Endo offers a historical perspective to the reflection of stress in Mandarin. He shows historical evidence of the existence of stress phenomenon. The evidence of stress can be found in old poetry (i.e. the rhyming features), or transcription materials between Chinese and some other language (e.g. Tibetan, Sanskrit, Khotan, Persian, Korean, and Russian). The data show the existence of stressed and unstressed versions of pronunciation of the same word. The stress-conditioned phonetic change in many cases led to a phonological change, where doublet readings were codified and eventually written by two different characters. Introducing various transcription sources, Endo shows that stress-related phenomena were not only conveyed in the transcriptions, but were also actively recognized and described by the authors (the earliest description dating back to the Ming dynasty). Other interesting sources are dictionaries and language teaching materials. Endo compares transcription systems as used in several textbooks and other materials (Seidel 1901, Arendt 1918, and Chinese Linguaphone 1928). He points out that the modern dialects also provide promising source for the reconstruction of the history of stress in Chinese.

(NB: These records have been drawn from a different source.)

(* Let $k \geq 2$ be an integer and let $G=(V,E)$ be a $k$-connected graph with $n \geq 3$ vertices, $e$ edges, minimum degree $\delta$ and maximum degree $\Delta$. If any one of the following five conditions holds, then $G$ is Hamiltonian: [1] $$Z_1(G) \geq (n - k - 1)\Delta^2 + \frac{e^2}{2(k + 1)} + \frac{(k + 1) \Delta^3}{2 \delta};$$ [2] $$F(G) \leq (n - k - 1) \delta^3 + \frac{\delta (2 (k + 1)^2 \delta^2 - e^2)}{k + 1};$$ [3] $$F(G) \leq (n - k - 1) \delta^3 + \frac{\delta}{k + 1} \left( 2 (k + 1) \left((k + 1) \delta^2 + \frac{e^2}{n - k - 1}\right) - e^2 - 2 (k + 1) (n - k - 1) \Delta^2\right);$$ [4] $$Inv(G) \leq \frac{n - k - 1}{\Delta} + \frac{2 (k + 1)^2 \delta^2 - e^2}{(k + 1) \Delta^3};$$ [5] $$Inv(G) \leq \frac{n - k - 1}{\Delta} + \frac{1}{(k + 1) \Delta^3} \left( 2 (k + 1) \left((k + 1) \delta^2 + \frac{e^2}{n - k - 1}\right) - e^2 - 2 (k + 1) (n - k - 1) \Delta^2\right).$$
   Context: Graphs are finite, undirected, without loops or multiple edges. $d(u)$ denotes the degree of vertex $u$; $\delta$ and $\Delta$ are the minimum and maximum degrees. The first Zagreb index is $Z_1(G)=\sum_{u\in V} d(u)^2$, the forgotten topological index is $F(G)=\sum_{u\in V} d(u)^3$, and the inverse degree is $Inv(G)=\sum_{u\in V}\frac{1}{d(u)}$. A graph is Hamiltonian if it has a cycle containing all its vertices. *)

From mathcomp Require Import all_boot all_order all_algebra.
Set Implicit Arguments. Unset Strict Implicit. Unset Printing Implicit Defensive.
Import Order.TTheory GRing.Theory Num.Theory.

Section Graphs.
Variable T : finType.
Variable g : rel T.

Definition simple_graph : Prop := symmetric g /\ irreflexive g.

Definition deg (x : T) : nat := #|[set y | g x y]|.

Definition edge_set : {set {set T}} := [set [set x; y] | x in T, y in T & g x y].
Definition nedges : nat := #|edge_set|.

(* maximum and minimum degree (for nonempty T; #|T| exceeds every degree) *)
Definition maxdeg : nat := \max_(x : T) deg x.
Definition mindeg : nat := \big[minn/#|T|]_(x : T) deg x.

Definition induced_connected (S : {set T}) : Prop :=
  forall x y, x \in S -> y \in S ->
    connect [rel u v | [&& g u v, u \in S & v \in S]] x y.

Definition k_connected (k : nat) : Prop :=
  k < #|T| /\ forall S : {set T}, #|S| < k -> induced_connected (~: S).

Definition hamiltonian : Prop :=
  exists s : seq T, [/\ uniq s, 3 <= size s, (forall x, x \in s) & cycle g s].

Local Open Scope ring_scope.
Definition Zagreb1 (R : realFieldType) : R := \sum_(x : T) ((deg x)%:R) ^+ 2.
Definition forgotten (R : realFieldType) : R := \sum_(x : T) ((deg x)%:R) ^+ 3.
Definition inv_degree (R : realFieldType) : R := \sum_(x : T) ((deg x)%:R)^-1.
End Graphs.

(* Take a longest cycle C and a vertex v off it, and let S be the set of
   vertices of C adjacent to the component of G - C containing v.  S separates
   v from the rest of C, so |S| >= k; and v together with the successors on C
   of the vertices of S is independent, since an edge among them would let C
   be rerouted through that component into a longer cycle (Chvatal-Erdos).
   An independent set I with |I| >= k + 1 gives
   (k + 1) delta <= sum_I d <= e <= sum_(V \ I) d <= (n - k - 1) Delta, hence
   Z_1 <= Delta e + (n - k - 1) Delta^2, while F >= Delta^3 + (n - 1) delta^3
   and Inv >= n / Delta; each of the five conditions contradicts these bounds.
   The contradiction is strict unless G is regular and I meets every edge,
   which the independent set above cannot do. *)

From mathcomp Require Import all_boot all_order all_algebra.
From mathcomp Require Import zify ring lra.
Import Order.TTheory GRing.Theory Num.Theory.
Set Implicit Arguments. Unset Strict Implicit. Unset Printing Implicit Defensive.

Last but not least: the fact that many of the prosody-related issues do not have a satisfactory solution in linguistic research reflects upon the state of the art of dictionaries, textbooks and methodology of teaching Chinese as a second language. For instance, one of the issues of Mandarin prosody frequently glossed over by lexicographic works is the variation of stress in compound words. Number of exceptions which attempt to reflect the stress features of compounds can be found, though. Perhaps the earliest example of such dictionary is the ”Russko-kitajskij slovar” (Russian-Chinese dictionary, Isaia 1867) quoted by Endo. One of the more recent works is ”Kitajsko-russkij slovar” edited by I. M. Oshanin (Chinese-Russian Dictionary, Moscow 1955), or ”Chugoku jiten” by Kuraishi Takeshiro (Chinese-Japanese dictionary, Tokyo 1966). Švarný´s dictionary mentioned above is the most recent case coping with the problem.

If we take a look at the language teaching materials, we note that even the phenomena which were already successfully described by the linguists often do not find proper treatment in these practical areas. E.g. a third tone is traditionally brought out in the textbooks in its canonical form as high-low-high, instead of being primarily described as a low tone. Insufficient rendering of changes of citation forms of tones in connected speech regularly causes puzzlement to the elementary students of Chinese. I recall a liuxuesheng complaining that she had to spend arduous time at school to learn the lexical tones, yet as soon as she walked out of the classroom, she got impression the Chinese did not actually speak in tones at all! This little story indicates that there must be something wrong with our teaching methods. Modern methodology of teaching Mandarin phonetics requires more frequent contact between those working in theoretical research and the language teaching community.

The advantage of workshops and seminars on a small scale is undoubtedly a chance to become very intense and focused. The organizers trust that the Prague event, hosted by the ancient walls of the Charles University, was such an example. It undoubtedly helped to establish the contacts among the foremost researchers engaged in the discipline and provided a distinct perspective on the field. The participants came up with a broad variety of views and new linguistic data. The future task is to integrate them in a systematic framework. The following pages offer an insight into the field from different angles - be it experimental phonetics, studies on grammar, language teaching or historical development. At the same time, hitherto unresolved problems are pointed out. We hope this volume can serve as a stimulation for future research.